[PROVIDED DATA — start]
Local Notation c b := (C (widen_ord (leqnSn k.+1) b) a).
Local Notation l := (C ord_max a).
Local Notation K := (form_ker (gbar g E p C a)).

Hypothesis c_last : c ord_max = 0.

Lemma neq_last_coef b : c b != 0 -> b != ord_max.
Proof. by apply: contra_neq => ->. Qed.

Lemma form_p_memv b Y : Y \in E b -> b != ord_max -> g p Y = 0.
Proof. by move=> YE bmx; apply: (E_orth _ p_last YE); rewrite eq_sym. Qed.

Lemma gbar_memvr j X Y : Y \in E j ->
  gbar g E p C a X Y = c j * g (Defs.comp E j X) Y + l * (g p X * g p Y).
Proof.
move=> YE; rewrite /gbar /gpart (bigD1 j) //= big1 ?addr0.
  by rewrite (comp_memv E_full E_direct _ YE) eqxx.
by move=> i ij; rewrite (comp_memv E_full E_direct _ YE) (negPf ij) form0r ?mulr0.
Qed.

Lemma form_kerP X :
  K X <-> (forall b, c b != 0 -> Defs.comp E b X = 0) /\ (l != 0 -> g p X = 0).
Proof.
split=> [KX | [compX pX] Y].
  split=> [b cb | l_neq0].
    apply: (E_nondeg (memv_comp _ _ _)) => Y YE.
    move: (KX Y); rewrite (gbar_memvr _ YE).
    rewrite (form_p_memv YE (neq_last_coef cb)) !mulr0 addr0.
    by move/eqP; rewrite mulf_eq0 (negPf cb) => /eqP.
  have [W0 W0E pW0] := nondeg_exists_nonorth (@E_nondeg ord_max) p_last p_neq0.
  move: (KX W0); rewrite (gbar_memvr _ W0E) c_last mul0r add0r.
  by move/eqP; rewrite !mulf_eq0 (negPf l_neq0) (negPf pW0) orbF => /eqP.
rewrite /gbar /gpart big1 ?add0r => [|b _].
  by have [->|/pX ->] := eqVneq l 0; rewrite ?mul0r ?mulr0.
by have [->|/compX ->] := eqVneq (c b) 0; rewrite ?mul0r ?form0l ?mulr0.
Qed.

Lemma restr_ker_comp X b :
  restr_ker g K X -> (l != 0 -> b != ord_max) -> Defs.comp E b X = 0.
Proof.
move=> [KX Xorth] bmx; have [cb|cb] := eqVneq (c b) 0; last first.
  by apply: (proj1 (proj1 (form_kerP X) KX)).
apply: (E_nondeg (memv_comp _ _ _)) => Y YE.
rewrite -form_comp_memr //; apply: Xorth; apply/form_kerP; split.
  move=> b' cb'; rewrite (comp_memv E_full E_direct _ YE).
  by case: eqP => // eb; move: cb'; rewrite eb cb eqxx.
by move=> /bmx; apply: form_p_memv.
Qed.

Lemma form_ker_coef0 X : l = 0 ->
  K X <-> X \in (\sum_(b < k.+1 | c b == 0%R) E b)%VS.
Proof.
move=> l0; rewrite form_kerP (memv_sum_compP E_full E_direct).
by rewrite l0 eqxx; split=> [[] | compX] //; split.
Qed.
[PROVIDED DATA — finish]
** YOUR TASK **
A complete and exact transcription of the material is required.

** SOLUTION TO THIS EXERCISE **
Local Notation c b := (C (widen_ord (leqnSn k.+1) b) a).
Local Notation l := (C ord_max a).
Local Notation K := (form_ker (gbar g E p C a)).

Hypothesis c_last : c ord_max = 0.

Lemma neq_last_coef b : c b != 0 -> b != ord_max.
Proof. by apply: contra_neq => ->. Qed.

Lemma form_p_memv b Y : Y \in E b -> b != ord_max -> g p Y = 0.
Proof. by move=> YE bmx; apply: (E_orth _ p_last YE); rewrite eq_sym. Qed.

Lemma gbar_memvr j X Y : Y \in E j ->
  gbar g E p C a X Y = c j * g (Defs.comp E j X) Y + l * (g p X * g p Y).
Proof.
move=> YE; rewrite /gbar /gpart (bigD1 j) //= big1 ?addr0.
  by rewrite (comp_memv E_full E_direct _ YE) eqxx.
by move=> i ij; rewrite (comp_memv E_full E_direct _ YE) (negPf ij) form0r ?mulr0.
Qed.

Lemma form_kerP X :
  K X <-> (forall b, c b != 0 -> Defs.comp E b X = 0) /\ (l != 0 -> g p X = 0).
Proof.
split=> [KX | [compX pX] Y].
  split=> [b cb | l_neq0].
    apply: (E_nondeg (memv_comp _ _ _)) => Y YE.
    move: (KX Y); rewrite (gbar_memvr _ YE).
    rewrite (form_p_memv YE (neq_last_coef cb)) !mulr0 addr0.
    by move/eqP; rewrite mulf_eq0 (negPf cb) => /eqP.
  have [W0 W0E pW0] := nondeg_exists_nonorth (@E_nondeg ord_max) p_last p_neq0.
  move: (KX W0); rewrite (gbar_memvr _ W0E) c_last mul0r add0r.
  by move/eqP; rewrite !mulf_eq0 (negPf l_neq0) (negPf pW0) orbF => /eqP.
rewrite /gbar /gpart big1 ?add0r => [|b _].
  by have [->|/pX ->] := eqVneq l 0; rewrite ?mul0r ?mulr0.
by have [->|/compX ->] := eqVneq (c b) 0; rewrite ?mul0r ?form0l ?mulr0.
Qed.

Lemma restr_ker_comp X b :
  restr_ker g K X -> (l != 0 -> b != ord_max) -> Defs.comp E b X = 0.
Proof.
move=> [KX Xorth] bmx; have [cb|cb] := eqVneq (c b) 0; last first.
  by apply: (proj1 (proj1 (form_kerP X) KX)).
apply: (E_nondeg (memv_comp _ _ _)) => Y YE.
rewrite -form_comp_memr //; apply: Xorth; apply/form_kerP; split.
  move=> b' cb'; rewrite (comp_memv E_full E_direct _ YE).
  by case: eqP => // eb; move: cb'; rewrite eb cb eqxx.
by move=> /bmx; apply: form_p_memv.
Qed.

Lemma form_ker_coef0 X : l = 0 ->
  K X <-> X \in (\sum_(b < k.+1 | c b == 0%R) E b)%VS.
Proof.
move=> l0; rewrite form_kerP (memv_sum_compP E_full E_direct).
by rewrite l0 eqxx; split=> [[] | compX] //; split.
Qed.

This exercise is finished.